The language is appropriate for the intended audience. Themes are simple and easy to understand. There is good attention to detail particularly with the horses. Plots are interesting and would certainly appeal to horse or animal lovers especially those who enjoy realistic stories. In several stories notes were written in a different type for emphasis.
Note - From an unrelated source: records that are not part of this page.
(* Let $(G,k)$ be an instance and let $v_1,v_2,v_3,v_4$ be four distinct vertices such that $v_1$ is adjacent to each of $v_2,v_3,v_4$, no two of $v_2,v_3,v_4$ are adjacent, $d(v_1)=3$, and $d(v_4)=1$. Then $(G,k)$ is a yes-instance if and only if $(G-v_4,k)$ is a yes-instance.
   Context: Graphs are undirected, without self-loops, possibly with multi-edges; $d(v)$ is the number of edges incident to $v$ (counted with multiplicity). A vertex set induces a clique if between any two distinct vertices there is exactly one edge, and a tree if it is connected and acyclic (two parallel edges form a cycle). A feasible solution for $(G,k)$ is $X\subseteq V$, $|X|\le k$, with every connected component of $G-X$ a clique or a tree; $(G,k)$ is a yes-instance if one exists. *)

From mathcomp Require Import all_boot.
Set Implicit Arguments. Unset Strict Implicit. Unset Printing Implicit Defensive.

(* A finite multigraph on vertex type V: m x y = number of edges between x and y. *)
Definition multigraph (V : finType) (m : V -> V -> nat) : Prop :=
  (forall x y, m x y = m y x) /\ (forall x, m x x = 0).

Definition deg (V : finType) (m : V -> V -> nat) (v : V) : nat := \sum_(u : V) m v u.

Definition adjIn (V : finType) (m : V -> V -> nat) (U : {set V}) : rel V :=
  fun x y => [&& x \in U, y \in U & 0 < m x y].

Definition compIn (V : finType) (m : V -> V -> nat) (U : {set V}) (x : V) : {set V} :=
  [set y | connect (adjIn m U) x y].

Definition is_clique (V : finType) (m : V -> V -> nat) (C : {set V}) : Prop :=
  forall x y, x \in C -> y \in C -> x != y -> m x y = 1.

(* C induces an acyclic graph: no two parallel edges (a 2-cycle), and no
   cycle through >= 3 distinct vertices of C *)
Definition is_acyclic (V : finType) (m : V -> V -> nat) (C : {set V}) : Prop :=
  (forall x y, x \in C -> y \in C -> m x y <= 1) /\
  (forall s : seq V, uniq s -> 3 <= size s -> all (fun x => x \in C) s ->
      ~ cycle (fun x y => 0 < m x y) s).

Definition is_connected_set (V : finType) (m : V -> V -> nat) (C : {set V}) : Prop :=
  forall x y, x \in C -> y \in C -> connect (adjIn m C) x y.

Definition is_tree (V : finType) (m : V -> V -> nat) (C : {set V}) : Prop :=
  is_connected_set m C /\ is_acyclic m C.

(* The instance (G[U], k), where the graph is the subgraph induced on U. *)
Definition feasible (V : finType) (m : V -> V -> nat) (U : {set V}) (k : nat)
    (X : {set V}) : Prop :=
  X \subset U /\ #|X| <= k /\
  forall x, x \in U :\: X ->
    is_clique m (compIn m (U :\: X) x) \/ is_tree m (compIn m (U :\: X) x).

Definition yes_instance (V : finType) (m : V -> V -> nat) (U : {set V}) (k : nat) : Prop :=
  exists X, feasible m U k X.

From mathcomp Require Import all_boot zify.
Set Implicit Arguments. Unset Strict Implicit. Unset Printing Implicit Defensive.

(* Removing a vertex only shrinks the components of G - X, and a part of a
   clique or tree that is itself a component is again a clique or tree; so a
   solution X for G yields the solution X - v4 for G - v4.  Conversely, v4 is a
   leaf hanging on v1, so a solution X for G - v4 is one for G: putting v4 back
   either leaves it isolated (v1 in X) or attaches it as a leaf to the component
   C of v1.  A leaf keeps an acyclic C acyclic, and if C is a clique it cannot
   contain both non-adjacent neighbours v2, v3 of v1, so it has at most two
   vertices and is acyclic as well. *)

Lemma connect_homo (T T' : finType) (e : rel T) (e' : rel T') (f : T -> T') :
    (forall a b, e a b -> (f a == f b) || e' (f a) (f b)) ->
  forall a b, connect e a b -> connect e' (f a) (f b).
Proof.
move=> fe a b /connectP[p]; elim: p a => [|c p IHp] a /=; first by move=> _ ->.
case/andP=> eac pc lastb; apply: connect_trans (IHp c pc lastb).
by case/orP: (fe _ _ eac) => [/eqP->|/connect1].
Qed.

Section Degree.

Variables (V : finType) (m : V -> V -> nat).

Lemma sum_le_deg v s : uniq s -> \sum_(u <- s) m v u <= deg m v.
Proof.
move=> us; have := uniq_sub_le_big (op := addn) leqnn (fun x y => leq_addr y x)
  xpredT (m v) us (index_enum_uniq V).
by apply=> u; rewrite mem_index_enum.
Qed.

Lemma deg_eq_size_mem v s u :
  uniq s -> {in s, forall x, 0 < m v x} -> deg m v = size s -> 0 < m v u -> u \in s.
Proof.
move=> us pos_s degv pos_u; apply/negPn/negP => su.
have size_le : size s <= \sum_(x <- s) m v x.
  by rewrite -sum1_size big_seq [X in _ <= X]big_seq; apply: leq_sum.
have := sum_le_deg v (s := u :: s); rewrite /= su us big_cons degv => /(_ isT).
by move/(leq_trans (leq_add pos_u size_le)); rewrite add1n ltnn.
Qed.

Lemma deg1E w a : deg m w = 1 -> 0 < m w a -> forall u, m w u = (u == a).
Proof.
move=> degw pos_a u; case: (eqVneq u a) => [->|ua].
  by have := sum_le_deg w (s := [:: a]) isT; rewrite big_seq1 degw; lia.
have := sum_le_deg w (s := [:: a; u]); rewrite /= inE eq_sym ua big_cons big_seq1.
by rewrite degw => /(_ isT); lia.
Qed.

End Degree.

Section Components.

Variables (V : finType) (m : V -> V -> nat).
Hypothesis m_sym : forall x y, m x y = m y x.

Definition clique_or_tree (C : {set V}) := is_clique m C \/ is_tree m C.

Lemma adjIn_sym (U : {set V}) : symmetric (adjIn m U).
Proof. by move=> x y; rewrite /adjIn m_sym andbCA. Qed.

Lemma connect_compIn (U : {set V}) x y :
  connect (adjIn m U) x y -> connect (adjIn m (compIn m U x)) x y.
Proof.
case/connectP=> p xp ->{y}.
suff: forall a, connect (adjIn m U) x a -> path (adjIn m U) a p ->
    connect (adjIn m (compIn m U x)) a (last a p).
  by apply=> //; apply: connect0.
elim: p {xp} => [|b p IHp] a xa /=; first by move=> _; apply: connect0.
case/andP=> ab pb; have xb := connect_trans xa (connect1 ab).
apply: connect_trans (IHp b xb pb); apply: connect1.
by move: ab; rewrite /adjIn !inE xa xb => /and3P[].
Qed.

Lemma compIn_connected (U : {set V}) x : is_connected_set m (compIn m U x).
Proof.
move=> y z; rewrite !inE => xy xz.
have sym := sym_connect_sym (adjIn_sym (compIn m U x)).
apply: connect_trans (connect_compIn xz).
by rewrite sym; apply: connect_compIn.
Qed.

Lemma mem_compIn (U : {set V}) x y : x \in U -> y \in compIn m U x -> y \in U.
Proof.
rewrite inE => xU /connectP[p]; elim: p x xU => [|b p IHp] a aU /=; first by move=> _ ->.
by case/andP=> /and3P[_ bU _]; apply: IHp.
Qed.

Lemma compIn_notin (U : {set V}) x : x \notin U -> compIn m U x = [set x].
Proof.
move=> xU; apply/setP=> y; rewrite !inE; apply/idP/eqP=> [|->]; last exact: connect0.
by case/connectP=> [[|b p] /=]; [move=> _ -> | rewrite /adjIn (negbTE xU)].
Qed.

Lemma compInS (U U' : {set V}) x : U' \subset U -> compIn m U' x \subset compIn m U x.
Proof.
move=> sUU'; apply/subsetP=> y; rewrite !inE; apply: connect_sub => a b.
rewrite /adjIn => /and3P[/(subsetP sUU') aU /(subsetP sUU') bU ab].
by rewrite connect1 //= aU bU.
Qed.

Lemma is_cliqueS (C D : {set V}) : C \subset D -> is_clique m D -> is_clique m C.
Proof. by move=> /subsetP sCD cliqueD x y /sCD xD /sCD yD; apply: cliqueD. Qed.

Lemma is_acyclicS (C D : {set V}) : C \subset D -> is_acyclic m D -> is_acyclic m C.
Proof.
move=> /subsetP sCD [simpleD cyclesD]; split=> [x y /sCD xD /sCD yD|s us ss sC].
  exact: simpleD.
by apply: cyclesD => //; apply/allP=> z /(allP sC) /sCD.
Qed.

Lemma compIn_tree (U : {set V}) x (D : {set V}) :
  compIn m U x \subset D -> is_acyclic m D -> is_tree m (compIn m U x).
Proof. by move=> sCD /(is_acyclicS sCD); split; first exact: compIn_connected. Qed.

Lemma compIn_clique_or_tree (U : {set V}) x (D : {set V}) :
  compIn m U x \subset D -> clique_or_tree D -> clique_or_tree (compIn m U x).
Proof.
move=> sCD [/(is_cliqueS sCD) | [_ /(compIn_tree sCD)]]; [left | right] => //.
Qed.

Lemma feasible_setD1 (U : {set V}) k (X : {set V}) v :
  feasible m U k X -> feasible m (U :\ v) k (X :\ v).
Proof.
case=> sXU [cardX compX]; have sUX : (U :\ v) :\: (X :\ v) \subset U :\: X.
  by apply/subsetP=> y; rewrite !inE; case: (y == v).
split; first by rewrite setSD.
split; first by rewrite (leq_trans _ cardX) // subset_leq_card // subD1set.
move=> x /(subsetP sUX) /compX; exact: compIn_clique_or_tree (compInS _ sUX).
Qed.

End Components.

Section Leaf.

Variables (V : finType) (m : V -> V -> nat) (w a : V).
Hypotheses (m_sym : forall x y, m x y = m y x) (leaf : forall u, m w u = (u == a)).

Lemma leaf_notin_cycle s :
  uniq s -> 3 <= size s -> cycle (fun x y => 0 < m x y) s -> w \notin s.
Proof.
move=> us size_s cyc_s; apply/negP=> /rot_to[i p rot_s].
move: us size_s cyc_s; rewrite -(rot_uniq i) -(size_rot i) -(rot_cycle i) rot_s.
case: p {rot_s} => [|b [|c p]] //= /and4P[_ bNcp _ _] _.
case/and3P=> wb _; rewrite rcons_path => /andP[_ lastw].
rewrite m_sym leaf lt0b in lastw; rewrite leaf lt0b in wb.
by rewrite (eqP wb) -(eqP lastw) mem_last in bNcp.
Qed.

Lemma is_acyclic_setU1_leaf (C : {set V}) : is_acyclic m C -> is_acyclic m (w |: C).
Proof.
case=> simpleC cyclesC; split=> [x y|s us size_s sC cyc_s].
  rewrite !inE => /orP[/eqP->|xC] /orP[/eqP->|yC]; rewrite ?[m _ w]m_sym ?leaf ?leq_b1 //.
  exact: simpleC.
have wNs := leaf_notin_cycle us size_s cyc_s.
apply: cyclesC cyc_s => //; apply/allP=> y ys; move/allP/(_ y ys): sC.
by rewrite !inE => /orP[/eqP yw|//]; rewrite -yw ys in wNs.
Qed.

(* Contracting the edge [w a] maps each component of [w |: W] into one of [W]. *)
Definition leaf_retract z := if z == w then a else z.

Lemma retract_compIn (W : {set V}) x y :
  y \in compIn m (w |: W) x -> leaf_retract y \in compIn m W (leaf_retract x).
Proof.
rewrite !inE; apply: connect_homo => b c; rewrite /adjIn /leaf_retract !inE.
case/and3P=> bW cW bc; case: (eqVneq b w) => [bw | bNw].
  by rewrite bw leaf lt0b in bc; rewrite (eqP bc) if_same eqxx.
case: (eqVneq c w) => [cw | cNw].
  by rewrite cw m_sym leaf lt0b in bc; rewrite (eqP bc) eqxx.
by rewrite (negbTE bNw) (negbTE cNw) /= in bW cW; rewrite bW cW bc orbT.
Qed.

Lemma feasible_setU1_leaf (U : {set V}) k (X : {set V}) :
    w \in U ->
    (forall C : {set V}, is_clique m C -> a \in C -> w \notin C -> is_acyclic m C) ->
  feasible m (U :\ w) k X -> feasible m U k X.
Proof.
move=> wU clique_acyclic [sXUw [cardX compX]].
have wNX : w \notin X by apply/negP=> /(subsetP sXUw); rewrite !inE eqxx.
set W := (U :\ w) :\: X.
have UX_W : U :\: X = w |: W.
  by apply/setP=> y; rewrite !inE; case: (eqVneq y w) => [->|] //=; rewrite wNX wU.
split; first exact: subset_trans sXUw (subD1set _ _).
split=> // x; rewrite UX_W => xW.
set C0 := compIn m W (leaf_retract x).
have sub_wC0 : compIn m (w |: W) x \subset w |: C0.
  apply/subsetP=> y yC; rewrite in_setU1; case: (eqVneq y w) => //= yNw.
  by have := retract_compIn yC; rewrite {1}/leaf_retract (negbTE yNw).
have [xW' | xNW'] := boolP (leaf_retract x \in W).
  have [aC0 | aNC0] := boolP (a \in C0); last first.
    apply: (compIn_clique_or_tree m_sym _ (compX _ xW')).
    apply/subsetP=> y /retract_compIn; rewrite {1}/leaf_retract.
    by case: eqP => // _; rewrite (negbTE aNC0).
  right; apply: (compIn_tree m_sym sub_wC0); apply: is_acyclic_setU1_leaf.
  have wNC0 : w \notin C0.
    by apply/negP=> /(mem_compIn xW'); rewrite /W !inE eqxx andbF.
  by case: (compX _ xW') => [cliqueC0 | [_ //]]; apply: clique_acyclic.
(* Here [x = w] and [a] is deleted, so [w] is isolated. *)
left; apply: (is_cliqueS (D := [set w])) => [|y z]; last first.
  by rewrite !inE => /eqP-> /eqP->; rewrite eqxx.
apply/subsetP=> y yC; rewrite inE; apply/negPn/negP=> yNw.
move: (retract_compIn yC) (mem_compIn xW yC); rewrite compIn_notin //.
rewrite {1}/leaf_retract (negbTE yNw) inE in_setU1 (negbTE yNw) => /eqP->.
by rewrite (negbTE xNW').
Qed.

End Leaf.

Section SmallCliques.

Variables (V : finType) (m : V -> V -> nat).
Hypothesis m0 : forall x, m x x = 0.

Lemma is_acyclic_clique_card2 (C : {set V}) :
  #|C| <= 2 -> is_clique m C -> is_acyclic m C.
Proof.
move=> cardC cliqueC; split=> [x y xC yC | s us size_s sC _].
  by case: (eqVneq x y) => [->|xy]; rewrite ?m0 ?cliqueC.
have : #|s| <= #|C| by apply/subset_leq_card/subsetP=> z /(allP sC).
by rewrite (card_uniqP us); lia.
Qed.

End SmallCliques.

Lemma clique_card_le2 (V : finType) (m : V -> V -> nat) (C : {set V}) v1 v2 v3 v4 :
    (forall u, 0 < m v1 u -> u \in [:: v2; v3; v4]) -> m v2 v3 = 0 -> v2 != v3 ->
  is_clique m C -> v1 \in C -> v4 \notin C -> #|C| <= 2.
Proof.
move=> nbhd1 m23 n23 cliqueC v1C v4NC.
have subC y : y \in C -> [|| y == v1, y == v2 | y == v3].
  move=> yC; case: (eqVneq y v1) => //= yNv1.
  have m1y : 0 < m v1 y by rewrite cliqueC // eq_sym.
  move: (nbhd1 y m1y); rewrite !inE => /or3P[-> | -> | /eqP yv4] //.
    by rewrite orbT.
  by rewrite -yv4 yC in v4NC.
have le2 b : C \subset [set v1; b] -> #|C| <= 2.
  by move/subset_leq_card/leq_trans; apply; rewrite cards2; case: (_ != _).
have [v3C | v3NC] := boolP (v3 \in C).
  have v2NC : v2 \notin C by apply/negP=> v2C; move: m23; rewrite cliqueC.
  apply: (le2 v3); apply/subsetP=> y yC; rewrite !inE.
  case/or3P: (subC y yC) => [-> // | /eqP yv2 | ->]; last by rewrite orbT.
  by rewrite -yv2 yC in v2NC.
apply: (le2 v2); apply/subsetP=> y yC; rewrite !inE.
case/or3P: (subC y yC) => [-> // | -> | /eqP yv3]; first by rewrite orbT.
by rewrite -yv3 yC in v3NC.
Qed.

Theorem mainTheorem17 (V : finType) (m : V -> V -> nat) (k : nat)
    (v1 v2 v3 v4 : V) :
  multigraph m ->
  uniq [:: v1; v2; v3; v4] ->
  0 < m v1 v2 -> 0 < m v1 v3 -> 0 < m v1 v4 ->
  m v2 v3 = 0 -> m v2 v4 = 0 -> m v3 v4 = 0 ->
  deg m v1 = 3 -> deg m v4 = 1 ->
  (yes_instance m [set: V] k <-> yes_instance m ([set: V] :\ v4) k).
Proof.
move=> [m_sym m0] uniq_v h12 h13 h14 m23 _ _ deg1 deg4.
have uniq234 : uniq [:: v2; v3; v4] by case/andP: uniq_v.
have n23 : v2 != v3 by move: uniq234; rewrite /= inE negb_or => /andP[/andP[]].
have nbhd1 u : 0 < m v1 u -> u \in [:: v2; v3; v4].
  by apply: deg_eq_size_mem uniq234 _ deg1 => x; rewrite !inE => /or3P[] /eqP->.
have leaf4 : forall u, m v4 u = (u == v1) by apply: deg1E; rewrite // m_sym.
split=> [[X feasX] | [X feasX]]; first by exists (X :\ v4); apply: feasible_setD1.
exists X; apply: (feasible_setU1_leaf m_sym leaf4) feasX; first by rewrite inE.
move=> C cliqueC v1C v4NC; apply: (is_acyclic_clique_card2 m0 _ cliqueC).
exact: clique_card_le2 nbhd1 m23 n23 cliqueC v1C v4NC.
Qed.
The characters tended to be undefined as the reader finds out very little about the people. Even Sam, who is the major character, is not described in any detail. At one point in “Goodbye Mist,” Sam is upset but wipes her tears and goes back to sleep. The story tends to be direct rather than emotional even when emotion is mentioned. The relationships between Sam and KJ and then again with Stacey are very superficial. They dislike each other and then something happens and quickly their feelings change. Very little is told about the other continuing characters so the reader doesn’t see any growth or change in the characters.
There are also errors in the text which may be distracting to some readers. These errors include the incorrect use of “passed” for “past," “soft” for “softly,” “loose” for “lose,” “Galleys” for “Galley’s.” In some of the stories, there is an overuse of pronouns which leads to some confusion by the reader.
As a first book, however, this is an excellent collection of stories by a young writer. Stories From Sunset Stables would be enjoyed by horse lovers and would be very suitable for public, school and personal libraries. Readers will look forward to the next publication by this author.
Deborah Mervold. a retired teacher-librarian, educator and Resource Based Learning Consultant, lives in Shellbrook, Saskatchewan.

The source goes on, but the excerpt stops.